We classify the optical counterparts as Galactic stars or extragalactic sources by means of whether spectral features present redshifts. Only four objects are Galactic stars. Two are white dwarfs with very broad Balmer series in absorption, and a very blue continuum. The other two are cataclysmic variable stars. Their blue nonthermal continuum are distinct. Balmer series emission lines are present in the two spectra.

Extragalactic sources in this sample are classified with emission line AGN, clusters of galaxies, BL Lacterae objects and their candidates. If an extragalactic object possesses broad (FWHM > 1000 kms-1) and strong ($W_\lambda$$\gg 5$ Å) emission lines, we classify it as an AGN. BL Lac objects are those with featureless spectra: (i) any emission line that is present, must have $W_\lambda$< 5 Å; (ii) if a CaII "break'' is present due to starlight in the BL Lac object host galaxy, it must have a "contrast'' $\leq 
25\% $ (Morris et al. 1991).
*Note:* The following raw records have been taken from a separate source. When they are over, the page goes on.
(* The 2 delta is lost comparing x, y with sequences nearly realising the
   infimum in bnd_gprod_spec, by two applications of the four-point condition. *)
Lemma bnd_gprod_ge (xi eta : bnd d o) (x y : nat -> M) (L : R) :
  xi <> eta -> conv_to d o xi x -> conv_to d o eta y ->
  (forall eps, 0 < eps -> exists N, forall n, (N <= n)%nat ->
     L - eps <= gprod d o (x n) (y n)) ->
  L - 2 * delta <= gp xi eta.
Proof.
  intros hne hx hy hL. apply (proj2 (Hgp xi eta hne)).
  intros v (u & w & hu & hw & _ & hinf).
  apply Rle_plus_epsilon; intros eps heps.
  destruct (hL (eps / 2)) as [N0 h0]; [lra|].
  destruct (conv_to_gprod_large xi u x hu hx (L - eps / 2)) as [N1 h1].
  destruct (conv_to_gprod_large eta y w hy hw (L - eps / 2)) as [N2 h2].
  destruct (hinf (eps / 2) ltac:(lra) (Nat.max N1 N2)) as [n [hn hv]].
  set (m := Nat.max N0 (Nat.max N1 N2)).
  assert (hux : L - eps / 2 <= gprod d o (u n) (x m)) by (apply h1; unfold m; lia).
  assert (hxy : L - eps / 2 <= gprod d o (x m) (y m)) by (apply h0; unfold m; lia).
  assert (hyw : L - eps / 2 <= gprod d o (y m) (w n)) by (apply h2; unfold m; lia).
  pose proof (gprod_ge_chain3 _ _ _ _ _ _ hux hxy hyw). lra.
Qed.

(* For p = g^-1 o, busemann_spec gives horo_lim p xi (sigma g xi). *)
Definition horo_lim (p : M) (xi : bnd d o) (b : R) : Prop :=
  exists x, conv_to d o xi x /\ Un_cv (fun n => d p (x n) - d o (x n)) b.

Lemma horo_lim_le_dist (p : M) (xi : bnd d o) (b : R) :
  horo_lim p xi b -> b <= d p o.
Proof.
  intros (x & _ & hx). apply (Un_cv_le_bound _ _ _ hx). intro n.
  destruct HM as (_ & _ & _ & htri). pose proof (htri p o (x n)). lra.
Qed.

(* From (x|z)_p >= 0. *)
Lemma horo_lim_sum_ge (p : M) (xi zeta : bnd d o) (a b : R) :
  xi <> zeta -> horo_lim p xi a -> horo_lim p zeta b ->
  - (a + b) / 2 - 2 * delta <= gp xi zeta.
Proof.
  intros hne (x & hx & ha) (z & hz & hb).
  apply (bnd_gprod_ge xi zeta x z); [assumption..|]. intros eps heps.
  destruct (Un_cv_bounds _ _ eps ha heps) as [N1 h1].
  destruct (Un_cv_bounds _ _ eps hb heps) as [N2 h2].
  exists (Nat.max N1 N2). intros n hn.
  specialize (h1 n ltac:(lia)). specialize (h2 n ltac:(lia)).
  pose proof (gprod_ge0 p (x n) (z n)). rewrite gprod_change_base in *. lra.
Qed.

(* Four-point condition for x, p, z seen from o. *)
Lemma horo_lim_dist_le (p : M) (xi zeta : bnd d o) (a b : R) :
  xi <> zeta -> horo_lim p xi a -> horo_lim p zeta b ->
  (d p o - Rmax a b) / 2 - 3 * delta <= gp xi zeta.
Proof.
  intros hne (x & hx & ha) (z & hz & hb).
  replace ((d p o - Rmax a b) / 2 - 3 * delta)
    with (((d p o - Rmax a b) / 2 - delta) - 2 * delta) by lra.
  apply (bnd_gprod_ge xi zeta x z); [assumption..|]. intros eps heps.
  destruct (Un_cv_bounds _ _ eps ha heps) as [N1 h1].
  destruct (Un_cv_bounds _ _ eps hb heps) as [N2 h2].
  exists (Nat.max N1 N2). intros n hn.
  specialize (h1 n ltac:(lia)). specialize (h2 n ltac:(lia)).
  pose proof (Rmax_l a b). pose proof (Rmax_r a b).
  pose proof (Hfour (x n) p (z n) o) as h4.
  destruct HM as (_ & _ & hsym & _).
  assert (hxp : (d p o - Rmax a b) / 2 - eps <= gprod d o (x n) p).
  { unfold gprod. rewrite (hsym (x n) o), (hsym (x n) p). lra. }
  assert (hpz : (d p o - Rmax a b) / 2 - eps <= gprod d o p (z n)).
  { unfold gprod. rewrite (hsym (z n) o). lra. }
  pose proof (Rmin_glb _ _ _ hxp hpz). lra.
Qed.

Section Action.

Variables (G : Type) (mul : G -> G -> G) (one : G) (inv : G -> G).
Variables (act : G -> M -> M) (bact : G -> bnd d o -> bnd d o).
Hypothesis HG : is_group mul one inv.
Hypothesis Hact : isometric_action d mul one act.
Hypothesis Hbact : bnd_action_spec d o act bact.

Lemma gprod_act (g : G) (u v : M) :
  gprod d o (act g u) (act g v) = gprod d (act (inv g) o) u v.
Proof.
  destruct Hact as (hone & hmul & hiso). destruct HG as (_ & _ & _ & hinv & _).
  assert (ho : forall z, d o (act g z) = d (act (inv g) o) z).
  { intro z. rewrite <- (hiso (inv g)), <- hmul, hinv, hone. reflexivity. }
  destruct HM as (_ & _ & hsym & _). unfold gprod.
  rewrite hiso, (hsym (act g u)), (hsym (act g v)), !ho,
    (hsym u (act (inv g) o)), (hsym v (act (inv g) o)).
  reflexivity.
Qed.

(* (gx|gz)_o = (x|z)_p with p = g^-1 o, and (x|z)_o >= 0. *)
Lemma bact_gprod_ge (g : G) (xi zeta : bnd d o) (a b : R) :
  bact g xi <> bact g zeta ->
  horo_lim (act (inv g) o) xi a -> horo_lim (act (inv g) o) zeta b ->
  (a + b) / 2 - 2 * delta <= gp (bact g xi) (bact g zeta).
Proof.
  intros hne (x & hx & ha) (z & hz & hb).
  apply (bnd_gprod_ge _ _ (fun n => act g (x n)) (fun n => act g (z n)));
    [assumption | now apply Hbact.. |].
  intros eps heps.
  destruct (Un_cv_bounds _ _ eps ha heps) as [N1 h1].
  destruct (Un_cv_bounds _ _ eps hb heps) as [N2 h2].
  exists (Nat.max N1 N2). intros n hn.
  specialize (h1 n ltac:(lia)). specialize (h2 n ltac:(lia)).
  pose proof (gprod_ge0 o (x n) (z n)). rewrite gprod_act, gprod_change_base. lra.
Qed.

End Action.

End Hyperbolic.

Theorem mainTheorem8
  (M : Type) (d : M -> M -> R) (o : M)
  (G : Type) (mul : G -> G -> G) (one : G) (inv : G -> G) (act : G -> M -> M)
  (bact : G -> bnd d o -> bnd d o)
  (gp : bnd d o -> bnd d o -> R) (sigma : G -> bnd d o -> R)
  (alpha : R) (dv : bnd d o -> bnd d o -> R)
  (HM : is_metric d) (Hhyp : gromov_hyperbolic d) (Hprop : proper_space d)
  (Hqc : quasi_convex_space d o)
  (HG : is_group mul one inv) (Hcount : countable_type G)
  (Hact : isometric_action d mul one act) (Hpa : proper_action d act o)
  (Hcc : cocompact_action d act o) (Hne : non_elementary_bnd d o)
  (Hbact : bnd_action_spec d o act bact)
  (Hgp : bnd_gprod_spec d o gp) (Hsigma : busemann_spec d o inv act sigma)
  (Halpha : 0 < alpha < 1) (Hdv : visual_metric d o alpha gp dv) :
  forall K : bnd d o -> bnd d o -> Prop, compact2 d o dv K ->
  exists C : R, forall (xi eta eta' : bnd d o) (g : G),
    K xi eta -> K xi eta' -> K (bact g xi) (bact g eta) -> sigma g xi < 0 ->
    let t := - sigma g xi in
    (t - C <= sigma g eta <= t + C) /\ (t - C <= sigma g eta' <= t + C) /\
    dv (bact g eta) (bact g eta') < Rpower alpha (t - C).
Proof.
  intros K HK. destruct Hhyp as [delta [Hdelta Hfour]].
  destruct (visual_metric_gprod_bounded d o alpha gp dv Halpha Hdv K HK) as [D [HD0 HD]].
  destruct (visual_metric_lt_of_gprod_ge d o alpha gp dv Halpha Hdv) as [B [HB0 HB]].
  exists (4 * D + 10 * delta + B).
  intros xi eta eta' g hK hK' hKg hneg; cbv zeta.
  assert (hs : forall zeta, horo_lim d o (act (inv g) o) zeta (sigma g zeta))
    by (intro zeta; exact (proj2 (Hsigma g zeta))).
  pose proof (horo_lim_sum_ge d o HM delta Hdelta Hfour gp Hgp) as hsum.
  pose proof (horo_lim_dist_le d o HM delta Hdelta Hfour gp Hgp) as hdist.
  pose proof (bact_gprod_ge d o HM delta Hdelta Hfour gp Hgp G mul one inv act bact
                HG Hact Hbact g) as himg.
  destruct HK as [Hdiag _].
  pose proof (hsum _ xi eta _ _ (Hdiag _ _ hK) (hs xi) (hs eta)).
  pose proof (hsum _ xi eta' _ _ (Hdiag _ _ hK') (hs xi) (hs eta')).
  pose proof (himg xi eta _ _ (Hdiag _ _ hKg) (hs xi) (hs eta)).
  pose proof (hdist _ xi eta _ _ (Hdiag _ _ hK) (hs xi) (hs eta)).
  pose proof (horo_lim_le_dist d o HM _ eta' _ (hs eta')).
  pose proof (HD _ _ hK). pose proof (HD _ _ hK'). pose proof (HD _ _ hKg).
  assert (Rmax (sigma g xi) (sigma g eta) <= - sigma g xi + 2 * D + 4 * delta)
    by (apply Rmax_lub; lra).
  repeat split; try lra.
  replace (- sigma g xi - (4 * D + 10 * delta + B))
    with (- sigma g xi - 4 * D - 10 * delta - B) by ring.
  apply HB. intro hne. pose proof (himg eta eta' _ _ hne (hs eta) (hs eta')). lra.
Qed.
Those with spectrum of a normal galaxy are classified either as clusters of galaxies if a clustering morphology presents in the DSS image, or as BL Lac object candidates (The reason for classifying them as BL Lac object candidates but not normal galaxies are illustrated in Sect. 4.4.) if no more objects are located inside or just outside the error circle.

3.3 Plausibility of identification based on X-ray information

RASS-BSC contains information on X-ray extent, extent likelihood, hardness ratio and other parameters besides count-rate. We use this information to determine whether the proposed optical counterpart to the X-ray source is a plausible one. The X-ray properties of WDs (very soft X-ray colours) and nearby galaxy clusters (hard and extended X-ray emission) have already been noted and used to determine the most plausible counterpart to an X-ray source by Bade et al. (1994, 1995).

According to Fig. 1, Emission line AGN, BL Lac objects and white dwarfs are suitable optical counterparts for objects in this sample. Clusters of galaxies and X-ray binaries are also X-ray luminous objects according to Bade et al. (1994). Normal galaxies are not plausible candidates for this sample's counterparts.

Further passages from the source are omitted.